What this task involves –
Your output should be the lines of the entries below, exactly, from the first one through the line that holds "intros Hc Hm Ho [m [x0 [Hm2 Hx0]]].".

Dataset entries:
========================================

Theorem lemma3p8 (f : R -> R) :
  cont_on01 f -> maps01 f -> onto01 f ->
  (exists (m : nat) (x : R), (2 < m)%nat /\ periodic_of_period f m x) ->
  admits_splitting_sequence f.
Proof.
  intros Hc Hm Ho [m [x0 [Hm2 Hx0]]].
  set (o := fun i => Nat.iter i f x0).
  assert (Hper : forall j, o (j + m)%nat = o j).
  { intros j. unfold o. rewrite Nat.iter_add. f_equal. apply Hx0. }
  destruct (periodic_seq_attains_min o m ltac:(lia) Hper) as [ip Hp].
  destruct (periodic_seq_attains_max o m ltac:(lia) Hper) as [iq Hq].
  apply (orbit_splitting f Hc Hm Ho m x0 Hx0 (o ip) (o iq)); try assumption.
  - exists ip. reflexivity.
  - exists iq. reflexivity.
  - intros s [j ->]. apply Hp.
  - intros s [j ->]. apply Hq.
Qed.
Lemma halving_balanced a1 a2 : a1 \notin B -> a2 \notin B -> halving_line P a1 a2 ->
  (2 * nleft B a1 a2 = size B)%N /\ (2 * nright B a1 a2 = size B)%N.
Proof.
move=> a1B a2B h; have /and5P[a1P a2P a12 _ _] := h.
have [Hd1 Hd2] := det2_nrm_dir a1 a2 a12.
have nrm_shift (x y p : point R) : dot (nrm x y) p = orient x y p + dot (nrm x y) x.
  by rewrite orient_dot subrK.
have Gl := upper_half_shift _ _ _ _ (nrm_shift a1 a2) (left_upper_half a1 a2 h).
have Gr := upper_half_shift _ _ _ _ (nrm_shift a2 a1)
  (left_upper_half a2 a1 (halving_sym P a1 a2 h)).
have [Sm Gm] := upper_half_exists (dot (dir a1 a2)).
have := upper_half_count_invariant _ _ _ _ Hd1 Gl Gm.
have := upper_half_count_invariant _ _ _ _ Hd2 Gm Gr.
have side_count (x y : point R) : x \notin B ->
    count (fun r => (0 < orient x y r) || (r == x)) B = nleft B x y.
  move=> xB; apply: eq_in_count => r rB /=.
  by rewrite (_ : (r == x) = false) ?orbF //; apply: contraNF xB => /eqP <-.
rewrite (side_count a1 a2 a1B) (side_count a2 a1 a2B) nleft_swap => er el.
have := nleft_add_nright B a1 a2 HBP a1P a2P a12 a1B a2B.
by rewrite -(etrans el er) => <-; rewrite mul2n addnn.
Qed.
End UpperHalves.

Lemma union_of_components_adj {R : realFieldType} (P B : seq (point R)) :
  union_of_components P B ->
  {in P &, forall x y, halving_line P x y -> (x \in B) = (y \in B)}.
Proof.
case=> _ HB x y xP yP hxy.
have adj_reach u v : u \in P -> halving_line P u v -> reachable P u v.
  by move=> uP huv; split => //; exists [:: v]; rewrite /= andbT.
apply/idP/idP => [xB|yB]; first exact: HB x y xB (adj_reach x y xP hxy).
exact: HB y x yB (adj_reach y x yP (halving_sym P x y hxy)).
Qed.

Lemma halving_size {R : realFieldType} (P : seq (point R)) x y :
  ~~ odd (size P) -> halving_line P x y -> exists k, size P = (2 * k + 2)%N.
Proof.
move=> Hev /and3P[xP yP /andP[xy _]].
have s2 : (2 <= size P)%N.
  apply: (@uniq_leq_size _ [:: x; y]); first by rewrite /= inE xy.
  by move=> z; rewrite !inE => /orP[]/eqP->.
exists ((size P)./2 - 1)%N.
have := odd_double_half (size P); rewrite (negbTE Hev) add0n -mul2n.
by move: s2; move: (size P)./2 (size P) => h n; lia.
Qed.

Theorem mainTheorem3 (R : realFieldType) (P A B : seq (point R)) :
  general_position P ->
  ~~ odd (size P) ->
  perm_eq P (A ++ B) ->
  union_of_components P A ->
  union_of_components P B ->
  (forall a1 a2, a1 \in A -> a2 \in A -> halving_line P a1 a2 ->
     (2 * nleft B a1 a2 = size B)%N /\ (2 * nright B a1 a2 = size B)%N) /\
  (forall b1 b2, b1 \in B -> b2 \in B -> halving_line P b1 b2 ->
     (2 * nleft A b1 b2 = size A)%N /\ (2 * nright A b1 b2 = size A)%N).
Proof.
move=> HGP Hev Hperm HA HB.
have : uniq (A ++ B) by rewrite -(perm_uniq Hperm); case: HGP.
rewrite cat_uniq => /and3P[uA /hasPn BnA uB].
have AnB z : z \in A -> z \notin B by move=> zA; exact: contraL (BnA z) zA.
split=> [a1 a2 a1A a2A | b1 b2 b1B b2B] h; have [k Hk] := halving_size P _ _ Hev h.
- exact: halving_balanced R P B k HGP Hk HB.1 uB (union_of_components_adj P B HB)
    a1 a2 (AnB a1 a1A) (AnB a2 a2A) h.
- exact: halving_balanced R P A k HGP Hk HA.1 uA (union_of_components_adj P A HA)
    b1 b2 (BnA b1 b1B) (BnA b2 b2B) h.
Qed.
Lemma transv_sq_line s : transv_sq (line x0 D s) = 0.
Proof.
by rewrite /transv_sq /transv axial_line /dotv -(@sumv0 N); apply: sumv_ext => i; rewrite /line; ring.
Qed.

Lemma transv_sq_ge0 x : 0 <= transv_sq x.
Proof. exact: dotv_ge0. Qed.

(* Pythagoras *)
Lemma transv_sqE x :
  transv_sq x = dotv (subv x x0) (subv x x0) - dotv D D * (axial x * axial x).
Proof.
rewrite /transv_sq.
have -> : transv x = (fun i => subv x x0 i + (- axial x) * D i).
{ by apply: functional_extensionality => i; rewrite /transv /subv; ring. }
rewrite dotv_quad.
have -> : dotv (subv x x0) D = axial x * dotv D D by rewrite /axial; field; lra.
ring.
Qed.

Lemma axialB x x1 : axial x - axial x1 = dotv (subv x x1) D / dotv D D.
Proof.
rewrite /axial.
have -> : dotv (subv x x0) D = dotv (subv x1 x0) D + dotv (subv x x1) D.
{ by rewrite /dotv -sumv_add; apply: sumv_ext => i; rewrite /subv; ring. }
by field; lra.
Qed.

Lemma axial_lipschitz x x1 : Rabs (axial x - axial x1) * normv D <= distv x x1.
Proof.
have nD : 0 < normv D by have := normv_ge0 D; have := normv_sq D; nra.
rewrite axialB /Rdiv Rabs_mult Rabs_inv (Rabs_right (dotv D D)); last lra.
have := cauchy_schwarz (subv x x1) D; rewrite -/(distv x x1) -normv_sq.
have -> : Rabs (dotv (subv x x1) D) * / (normv D * normv D) * normv D
  = Rabs (dotv (subv x x1) D) / normv D by field; lra.
move=> cs; apply: (Rmult_le_reg_r (normv D)) => //.
by have -> : Rabs (dotv (subv x x1) D) / normv D * normv D = Rabs (dotv (subv x x1) D) by field; lra.
Qed.

Lemma transv_lipschitz x x1 : normv (transv x) <= normv (transv x1) + 2 * distv x x1.
Proof.
have -> : transv x = (fun i => transv x1 i + (subv x x1 i + (- (axial x - axial x1)) * D i)).
{ by apply: functional_extensionality => i; rewrite /transv /subv; ring. }
apply: Rle_trans (normv_triangle _ _) _.
have := normv_triangle (subv x x1) (fun i => (- (axial x - axial x1)) * D i).
rewrite normv_scal Rabs_Ropp -/(distv x x1).
by have := axial_lipschitz x x1; lra.
Qed.

Lemma axial_cv y (xs : nat -> vec N) :
  (forall i, Un_cv (fun n => xs n i) (y i)) -> Un_cv (fun n => axial (xs n)) (axial y).
Proof.
move=> xy; apply: (CV_mult _ (fun _ => / dotv D D)); last exact: cv_cst.
apply: (sumv_cv (fun n i => subv (xs n) x0 i * D i)) => i.
apply: (CV_mult _ (fun _ => D i)); last exact: cv_cst.
exact: (CV_minus _ (fun _ => x0 i)) (xy i) (cv_cst _).
Qed.

Lemma transv_sq_cv y (xs : nat -> vec N) :
  (forall i, Un_cv (fun n => xs n i) (y i)) -> Un_cv (fun n => transv_sq (xs n)) (transv_sq y).
Proof.
move=> xy.
have tv i : Un_cv (fun n => transv (xs n) i) (transv y i).
{ apply: (CV_minus (fun n => xs n i - x0 i) (fun n => axial (xs n) * D i)).
  - exact: (CV_minus _ (fun _ => x0 i)) (xy i) (cv_cst _).
  - exact: (CV_mult _ (fun _ => D i)) (axial_cv y xs xy) (cv_cst _). }
apply: (sumv_cv (fun n i => transv (xs n) i * transv (xs n) i)) => i.
exact: (CV_mult _ _ _ _ (tv i) (tv i)).
Qed.

(* The test function of the concavity argument: affine plus a small parabola along the
   axis, minus a steep paraboloid in the transversal directions. *)
Definition penalty (al ep t A : R) (x : vec N) : R :=
  al * axial x + ep * ((axial x - t) * (axial x - t)) - A * transv_sq x.

Definition penalty_grad (x1 : vec N) (al ep t A : R) : vec N :=
  fun i => (al + 2 * ep * (axial x1 - t) + 2 * A * dotv D D * axial x1) / dotv D D * D i
           + (- 2 * A) * (x1 i - x0 i).

Lemma penalty_taylor x x1 al ep t A :
  penalty al ep t A x - penalty al ep t A x1 =
  dotv (penalty_grad x1 al ep t A) (subv x x1) +
  / 2 * dotv (mulmv (dyad_shift D (2 * (ep + A * dotv D D) / (dotv D D * dotv D D)) A)
                    (subv x x1)) (subv x x1).
Proof.
rewrite /penalty !transv_sqE quad_form_dyad_shift.
have -> : axial x = axial x1 + dotv (subv x x1) D / dotv D D by rewrite -axialB; ring.
have -> : subv x x0 = (fun i => subv x1 x0 i + 1 * subv x x1 i).
{ by apply: functional_extensionality => i; rewrite /subv; ring. }
have -> : penalty_grad x1 al ep t A =
  (fun i => (al + 2 * ep * (axial x1 - t) + 2 * A * dotv D D * axial x1) / dotv D D * D i
           + (- 2 * A) * subv x1 x0 i) by [].
rewrite dotv_quad dotv_lin_l (dotvC D (subv x x1)); field; lra.
Qed.

Lemma distv_line_le x s :
  distv x (line x0 D s) <= Rabs (axial x - s) * normv D + normv (transv x).
Proof.
rewrite /distv -normv_scal.
have -> : subv x (line x0 D s) = (fun i => (axial x - s) * D i + transv x i).
{ by apply: functional_extensionality => i; rewrite /subv /transv /line; ring. }
exact: normv_triangle.
Qed.

Definition cylinder (a b rho : R) (x : vec N) : Prop :=
  a <= axial x <= b /\ transv_sq x <= rho * rho.

Lemma cylinder_line a b rho s : a <= s <= b -> cylinder a b rho (line x0 D s).
Proof. by rewrite /cylinder axial_line transv_sq_line; split => //; nra. Qed.

Lemma cylinder_bounded a b rho : 0 <= rho -> forall x, cylinder a b rho x ->
  forall i, Rabs (x i) <= normv x0 + (Rabs a + Rabs b) * normv D + rho.
Proof.
move=> rho0 x [[ax xb] xrho] i; rewrite {1}(transvE x) /line.
apply: Rle_trans (Rabs_triang _ _) _; apply: Rplus_le_compat.
- apply: Rle_trans (Rabs_triang _ _) _; rewrite Rabs_mult.
  have := coord_le_normv x0 i; have := coord_le_normv D i; have := Rabs_pos (D i).
  have : Rabs (axial x) <= Rabs a + Rabs b.
  { apply: Rabs_le; have := Rabs_pos a; have := Rabs_pos b.
    have := Rle_abs b; have := Rle_abs (- a); rewrite Rabs_Ropp; lra. }
  have := Rabs_pos (axial x); nra.
- exact: Rle_trans (coord_le_normv _ i) (normv_le _ _ rho0 xrho).
Qed.

Lemma cylinder_closed a b rho y (xs : nat -> vec N) : (forall n, cylinder a b rho (xs n)) ->
  (forall i, Un_cv (fun n => xs n i) (y i)) -> cylinder a b rho y.
Proof.
move=> K xy; have ax := axial_cv y xs xy; have tv := transv_sq_cv y xs xy.
split; [split|].
- by apply: (cv_ge_cst _ _ _ ax) => n; case: (K n) => [[]].
- by apply: (cv_le_cst _ _ _ ax) => n; case: (K n) => [[]].
- by apply: (cv_le_cst _ _ _ tv) => n; case: (K n).
Qed.

Lemma cylinder_nbhd a b rho x1 : 0 <= rho -> a < axial x1 < b -> transv_sq x1 < rho * rho ->
  exists r, 0 < r /\ forall x, distv x x1 < r -> cylinder a b rho x.
Proof.
move=> rho0 [ax1 x1b] x1rho.
have nD : 0 < normv D by have := normv_ge0 D; have := normv_sq D; nra.
have tv1 : normv (transv x1) < rho by apply: normv_lt.
pose r := Rmin (Rmin (axial x1 - a) (b - axial x1) * normv D) ((rho - normv (transv x1)) / 2).
have r0 : 0 < r by apply: Rmin_pos; [apply: Rmult_lt_0_compat => //; apply: Rmin_pos|]; lra.
exists r; split => // x xr.
have := Rmin_l (Rmin (axial x1 - a) (b - axial x1) * normv D) ((rho - normv (transv x1)) / 2).
have := Rmin_r (Rmin (axial x1 - a) (b - axial x1) * normv D) ((rho - normv (transv x1)) / 2).
rewrite -/r => r2 r1.
have : Rabs (axial x - axial x1) < Rmin (axial x1 - a) (b - axial x1).
{ apply: (Rmult_lt_reg_r (normv D)) => //; have := axial_lipschitz x x1; lra. }
move/Rabs_def2; have := Rmin_l (axial x1 - a) (b - axial x1).
have := Rmin_r (axial x1 - a) (b - axial x1) => m2 m1 ax.
split; first lra.
have tv : normv (transv x) < rho by have := transv_lipschitz x x1; lra.
by rewrite /transv_sq -normv_sq; have := normv_ge0 (transv x); nra.
Qed.

Lemma cylinder_sub (O : vec N -> Prop) a b r rho :
  strictly_convex O -> a < b -> 0 <= rho < r ->
  (forall y, distv y (line x0 D a) < r -> O y) ->
  (forall y, distv y (line x0 D b) < r -> O y) ->
  forall x, cylinder a b rho x -> O x.
Proof.
move=> Osc ab [rho0 rhor] Oa Ob x [[ax xb] xrho].
have tv : normv (transv x) < r by have := normv_le _ _ rho0 xrho; lra.
pose shift s := (fun i => line x0 D s i + transv x i).
have shift_in s : (forall y, distv y (line x0 D s) < r -> O y) -> O (shift s).
{ move=> Os; apply: Os; rewrite /distv.
  suff -> : subv (shift s) (line x0 D s) = transv x by [].
  by apply: functional_extensionality => i; rewrite /subv /shift; ring. }
have xE : x = shift (axial x) by exact: transvE.
case: (Rle_lt_or_eq_dec _ _ ax) => [{}ax|ax_eq]; first last.
  by rewrite xE -ax_eq; apply: shift_in.
case: (Rle_lt_or_eq_dec _ _ xb) => [{}xb|xb_eq]; first last.
  by rewrite xE xb_eq; apply: shift_in.
pose tau := (axial x - a) / (b - a).
have -> : x = segpt (shift a) (shift b) tau.
{ rewrite {1}xE; apply: functional_extensionality => i.
  by rewrite /segpt /shift /line /tau; field; lra. }
apply: Osc; try exact/closure_sub/shift_in.
- move=> ab_eq; have [i Di] := dotv_gt0 D D0.
  have := f_equal (fun f => f i) ab_eq; rewrite /shift /line => abi.
  by apply: Di; apply: (Rmult_eq_reg_l (b - a)); lra.
- rewrite /tau; split; first by apply: Rdiv_lt_0_compat; lra.
  by apply: (Rmult_lt_reg_r (b - a)); [lra | rewrite /Rdiv Rmult_assoc Rinv_l; lra].
Qed.

End Cylinder.

Lemma exists_small_step t e1 e2 C1 C2 : 0 < t -> 0 < e1 -> 0 < e2 -> 0 <= C1 -> 0 <= C2 ->
  exists a, 0 < a < t /\ a * C1 <= e1 /\ a * C2 <= e2.
Proof.
move=> t0 e10 e20 C10 C20.
pose a := Rmin (t / 2) (Rmin (e1 / (C1 + 1)) (e2 / (C2 + 1))).
have a1 : a <= e1 / (C1 + 1) by apply: Rle_trans (Rmin_r _ _) (Rmin_l _ _).
have a2 : a <= e2 / (C2 + 1) by apply: Rle_trans (Rmin_r _ _) (Rmin_r _ _).
have a0 : 0 < a.
{ by apply: Rmin_pos; [|apply: Rmin_pos; apply: Rdiv_lt_0_compat]; lra. }
exists a; split; first by have : a <= t / 2 := Rmin_l _ _; lra.
have le_frac e C : 0 <= C -> 0 < e -> a <= e / (C + 1) -> a * C <= e.
{ move=> C0 e0 ae; have := Rmult_le_compat_r (C + 1) _ _ ltac:(lra) ae.
  have -> : e / (C + 1) * (C + 1) = e by field; lra.
  nra. }
by split; [apply: (le_frac e1 C1) | apply: (le_frac e2 C2)].
Qed.

Section Concavity.

Variables (N : nat) (O : vec N -> Prop) (u : vec N -> R).
Hypotheses (O_open : is_open O) (O_sconv : strictly_convex O).
Hypotheses (u_cont : continuous_on (closure O) u) (u_pos : forall x, O x -> 0 < u x).
Hypothesis u_super :
  forall x1 p X l, O x1 -> subjet O u x1 p X -> is_lam_max X l -> l <= 0.

Section Penalized.

Variables (x0 D : vec N) (al ep t A : R).
Hypotheses (D0 : 0 < dotv D D) (ep0 : 0 < ep) (A0 : 0 <= A).

Let Phi x := u x - penalty x0 D al ep t A x.

(* At a local minimum of u minus the penalty the test Hessian has top eigenvalue 2 ep / |D|^2 > 0. *)
Lemma no_penalized_local_min x1 r : O x1 -> 0 < r ->
  ~ (forall x, O x -> distv x x1 < r -> Phi x1 <= Phi x).
Proof.
move=> Ox1 r0 x1min.
pose c := 2 * (ep + A * dotv D D) / (dotv D D * dotv D D).
have c0 : 0 <= c by apply: Rlt_le; apply: Rdiv_lt_0_compat; nra.
have sj : subjet O u x1 (penalty_grad x0 D x1 al ep t A) (dyad_shift D c A).
{ apply: (subjet_of_local_bound _ _ _ _ _ r (dyad_shift_sym D c A) r0) => x Ox xr.
  have := x1min x Ox xr; have := penalty_taylor x0 D D0 x x1 al ep t A; rewrite /Phi -/c; lra. }
have := u_super x1 _ _ _ Ox1 sj (dyad_shift_lam_max D c A D0 c0).
have -> : c * dotv D D - 2 * A = 2 * ep / dotv D D by rewrite /c; field; lra.
have : 0 < 2 * ep / dotv D D by apply: Rdiv_lt_0_compat; lra.
lra.
Qed.

Lemma penalized_min_on_cylinder_boundary a b rho x1 : 0 <= rho ->
  (forall x, cylinder x0 D a b rho x -> O x) -> cylinder x0 D a b rho x1 ->
  (forall x, cylinder x0 D a b rho x -> Phi x1 <= Phi x) ->
  axial x0 D x1 = a \/ axial x0 D x1 = b \/ transv_sq x0 D x1 = rho * rho.
Proof.
move=> rho0 KO Kx1 x1min; apply: NNPP => interior.
have [r [r0 rK]] : exists r, 0 < r /\ forall x, distv x x1 < r -> cylinder x0 D a b rho x.
{ case: Kx1 => [[ax1 x1b] x1rho]; apply: cylinder_nbhd => //.
  - by split; apply: Rnot_le_lt => h; apply: interior; lra.
  - by apply: Rnot_le_lt => h; apply: interior; lra. }
by apply: (no_penalized_local_min x1 r (KO _ Kx1) r0) => x _ xr; apply/x1min/rK.
Qed.

Lemma penalized_min_exists a b rho lb : 0 <= rho -> a <= t <= b ->
  (forall x, cylinder x0 D a b rho x -> O x) ->
  (forall x, cylinder x0 D a b rho x -> lb <= Phi x) ->
  exists x1, cylinder x0 D a b rho x1 /\ forall x, cylinder x0 D a b rho x -> Phi x1 <= Phi x.
Proof.
move=> rho0 abt KO Phi_lb.
apply: (min_attained _ Phi _ (line x0 D t) (cylinder_line x0 D D0 a b rho t abt)
  (cylinder_bounded x0 D a b rho rho0)); last by exists lb.
move=> xs y Kxs xy; have Ky := cylinder_closed x0 D a b rho y xs Kxs xy.
split => //; apply: CV_minus.
- exact: continuous_on_cv u_cont (closure_sub _ _ (KO _ Ky)) (fun n => closure_sub _ _ (KO _ (Kxs n))) xy.
- have ax := axial_cv x0 D y xs xy; have tv := transv_sq_cv x0 D y xs xy.
  apply: CV_minus; last exact: (CV_mult _ _ _ _ (cv_cst A) tv).
  apply: CV_plus; first exact: (CV_mult _ _ _ _ (cv_cst al) ax).
  have axt := CV_minus _ _ _ _ ax (cv_cst t).
  exact: (CV_mult _ _ _ _ (cv_cst ep) (CV_mult _ _ _ _ axt axt)).
Qed.

End Penalized.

========================================

Expected answer –
Theorem lemma3p8 (f : R -> R) :
  cont_on01 f -> maps01 f -> onto01 f ->
  (exists (m : nat) (x : R), (2 < m)%nat /\ periodic_of_period f m x) ->
  admits_splitting_sequence f.
Proof.
  intros Hc Hm Ho [m [x0 [Hm2 Hx0]]].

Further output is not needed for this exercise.